Most of the artifacts in Magic are colorless, so it stands to reason that lots of colorless removal options are artifacts. Colorless is also the color of the Eldrazi, so expect to read about a few of them here. Lands are also permanents with colorless identities, and some of them have sacrifice-to-remove abilities.

Annihilator is a common mechanic on colorless removal creatures, forcing a defending player to sacrifice permanents when the annihilator creature attacks. Artifacts that act as removal often ask you to sacrifice them to gain their effect. Some artifacts also have the strength of their removal determined by counters (often charge counters) that you’ve pumped into them before activating the removal.

Deathtouch is sometimes included in definitions of removal, but I’ve left that aside for today’s purposes. I’ve also left aside cards that only deal one damage to a target (with a few exceptions).

#50. The Filigree Sylex

The Filigree Sylex

The Filigree Sylex is here for two reasons: it’s new (newish, depending on when you’re reading) and is a throwback. A lot of the older artifacts I’ve left off do something like this: pump the artifact with counters and then trade it in to deal damage relative to how many counters it has.

The Sylex gives you two outlets: one based on mana value, and the other a flat 10 damage. The proliferate effects in All Will Be One and its cheap mana cost could turn this into a decent little removal option, but the older ones it emulates are often too pricey or too complex.

#49. It That Betrays

It That Betrays

Let me know in the comments if you consider this cheating (that’s why it’s so low). It That Betrays has annihilator 2, so it gives you the forced sacrifice type of removal. The thing is, any nontoken sacrificed while this horrifying Eldrazi onboard comes back under your control.

Lands, artifacts, enchantments, creatures, planeswalkers… is it really removal if you’re stealing it and leaving it available to be stolen back?

#48. Ratchet Bomb

Ratchet Bomb

Ratchet Bomb is cheap to get out and easy to start charging up. You only get to activate this once without artifact recursion, but you’ll destroy anything with the same mana value as Ratchet Bomb has counters. No more, no less. Little oxymoronic how precise this bomb is with its targets.

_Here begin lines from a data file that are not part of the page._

Definition Delta_J (c : {ffun I * I -> B}) : seq ({ffun I * I -> B} * {ffun I * I -> B}) :=
  [seq ([ffun il : I * I => c (il.1, k)],
        [ffun mj : I * I => if k == mj.2 then 1 else 0]) | k <- enum I].

Definition Delta'_J (c : {ffun I * I -> B}) : seq ({ffun I * I -> B} * {ffun I * I -> B}) :=
  [seq ([ffun il : I * I => if il.1 == k then 1 else 0],
        [ffun mj : I * I => c (k, mj.2)]) | k <- enum I].

Definition eps_J (c : {ffun I * I -> B}) : {ffun I -> B} := [ffun i => c (i, i)].

End Concrete.

From HB Require Import structures.
From mathcomp Require Import all_boot all_algebra.
Set Implicit Arguments. Unset Strict Implicit. Unset Printing Implicit Defensive.
Import GRing.Theory.
Local Open Scope ring_scope.

(* Everything is computed on representatives: all structure maps are
   entrywise ring operations, so well-definedness reduces to the ideal
   axioms of J_i + J_j.  The only real point is that Delta respects the
   congruence: split an entry of J_i + J_j into its J_i part, which is
   already zero in the left tensor factor of Delta, and its J_j part, which
   is zero in the right tensor factor of the alternative formula Delta';
   and Delta = Delta' in C (x)_A C by moving the scalars b_ik across the
   tensor sign. *)

Section TwoSidedIdeal.
Variables (B : pzRingType) (J : B -> Prop).
Hypothesis idealJ : two_sided_ideal J.

Lemma ideal0 : J 0. Proof. by case: idealJ. Qed.

Lemma idealB x y : J x -> J y -> J (x - y).
Proof. by case: idealJ => _ idB _ _; apply: idB. Qed.

Lemma idealN x : J x -> J (- x).
Proof. by move=> Jx; rewrite -sub0r; apply: idealB ideal0 Jx. Qed.

Lemma idealD x y : J x -> J y -> J (x + y).
Proof. by move=> Jx Jy; rewrite -[y]opprK; apply: idealB (idealN Jy). Qed.

Lemma idealMl a x : J x -> J (a * x).
Proof. by case: idealJ => _ _ idMl _; apply: idMl. Qed.

Lemma idealMr a x : J x -> J (x * a).
Proof. by case: idealJ => _ _ _ idMr; apply: idMr. Qed.

End TwoSidedIdeal.

Section IdealSum.
Variables (B : pzRingType) (J1 J2 : B -> Prop).
Hypotheses (idealJ1 : two_sided_ideal J1) (idealJ2 : two_sided_ideal J2).
(* Let $\bar t>0$, $I=(0,\bar t)$, let $\gamma_1,\gamma_2\in\mathrm{Lip}(I)$ (extended continuously to $\bar I$) with $\gamma_1<0<\gamma_2$ on $I$ and $\gamma_1(0)=\gamma_1(\bar t)=\gamma_2(0)=\gamma_2(\bar t)=0$, let $D=\{(y,t)\in\mathbb W: t\in I,\ \gamma_1(t)<y<\gamma_2(t)\}$, and let $\phi\in C(\partial D)$ with $\phi_1,\phi_2\in\mathrm{Lip}(I)$. Assume $\zeta<1$. Then there exists a bi-Lipschitz increasing function $\lambda:\bar I\to\bar I$ such that: (i) $p_2(\lambda(s))-p_1(s)\in H_{p_1(s)}$ for all $s\in\bar I$; (ii) for all $s,\lambda'\in\bar I$, if $p_2(\lambda')-p_1(s)\in H_{p_1(s)}$ then $\lambda'=\lambda(s)$; (iii) $\lambda(0)=0$ and $\lambda(\bar t)=\bar t$; (iv) $\frac{1-\zeta}{1+\zeta}\le\mathrm{Lip}(\lambda)\le\frac{1+\zeta}{1-\zeta}$ and $\frac{1-\zeta}{1+\zeta}\le\mathrm{Lip}(\lambda^{-1})\le\frac{1+\zeta}{1-\zeta}$.
   Context: $\mathbb H$ is $\mathbb R^3$ with product $(x,y,t)\cdot(\xi,\eta,\tau)=(x+\xi,y+\eta,t+\tau+2(y\xi-x\eta))$; $X=\partial_x+2y\partial_t$, $Y=\partial_y-2x\partial_t$, and $H_p=\mathrm{span}\{X(p),Y(p)\}$ (a linear subspace of $\mathbb R^3$). $\mathbb W=\{x=0\}$ with coordinates $(y,t)$. Set $\phi_i(s)=\phi(\gamma_i(s),s)$, $\|\gamma\|_\infty=\max_i\|\gamma_i\|_\infty$, $\mathrm{Lip}(\gamma)=\max_i\mathrm{Lip}(\gamma_i)$, $\|\phi\|_\infty=\max_i\|\phi_i\|_\infty$, $\mathrm{Lip}(\phi)=\max_i\mathrm{Lip}(\phi_i)$, $\zeta=4(\|\gamma\|_\infty+\mathrm{Lip}(\gamma))(\|\phi\|_\infty+\mathrm{Lip}(\phi))$, and $p_i(s)=(\phi_i(s),\gamma_i(s),s+2\gamma_i(s)\phi_i(s))$ for $s\in\bar I$, $i=1,2$. *)

From HB Require Import structures.
From mathcomp Require Import all_boot all_order all_algebra.
From mathcomp Require Import all_classical all_reals all_analysis.
Set Implicit Arguments. Unset Strict Implicit. Unset Printing Implicit Defensive.
Import Order.TTheory GRing.Theory Num.Theory.
Import numFieldNormedType.Exports.
Local Open Scope classical_set_scope.
Local Open Scope ring_scope.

#47. The Tabernacle at Pendrell Vale

The Tabernacle at Pendrell Vale

It doesn’t tap for mana, but The Tabernacle at Pendrell Vale punishes the entire board. It’s not direct removal, but token decks will especially suffer against this. Most other players will often have to choose between keeping their board state and casting something new.

This gets a lot worse if you combine it with an effect that skips everyone’s untap steps.

#46. Coercive Portal

Coercive Portal

Coercive Portal is a political artifact from Conspiracy. Depending on the board’s mood it can be a clean slate or a continuous draw engine. You don’t really get to control whether or not it’s a removal spell, so it’s not the sure thing that many other options are.

#45. Karn’s Sylex

Karn's Sylex

Karn's Sylex gives you flexible sorcery-speed sweeping on an X-cost activated ability. You have to exile it so you probably won’t be able to reuse it later. It affects your ability to pay life for spells, but you can build around that if you really want to.

#44. Spatial Contortion

Spatial Contortion

Spatial Contortion is a stat-adjusting instant that you can use to buff up your creature, but you can also use it to remove something with toughness 3 or less. It’s only a 2-drop, but it gets you a decent variety of targets for its cost.

#43. Transmogrifying Wand

Transmogrifying Wand

It’s up to you which threats are worth replacing with a 2/4. Transmogrifying Wand lets you make that trade three times with the counters it has upon entering.

#42. Creepy Doll

Creepy Doll

I look at Creepy Doll and I just hear a blood-chilling giggle. It’s Innistrad; that makes sense. Creepy Doll basically has a coin flip deathtouch ability.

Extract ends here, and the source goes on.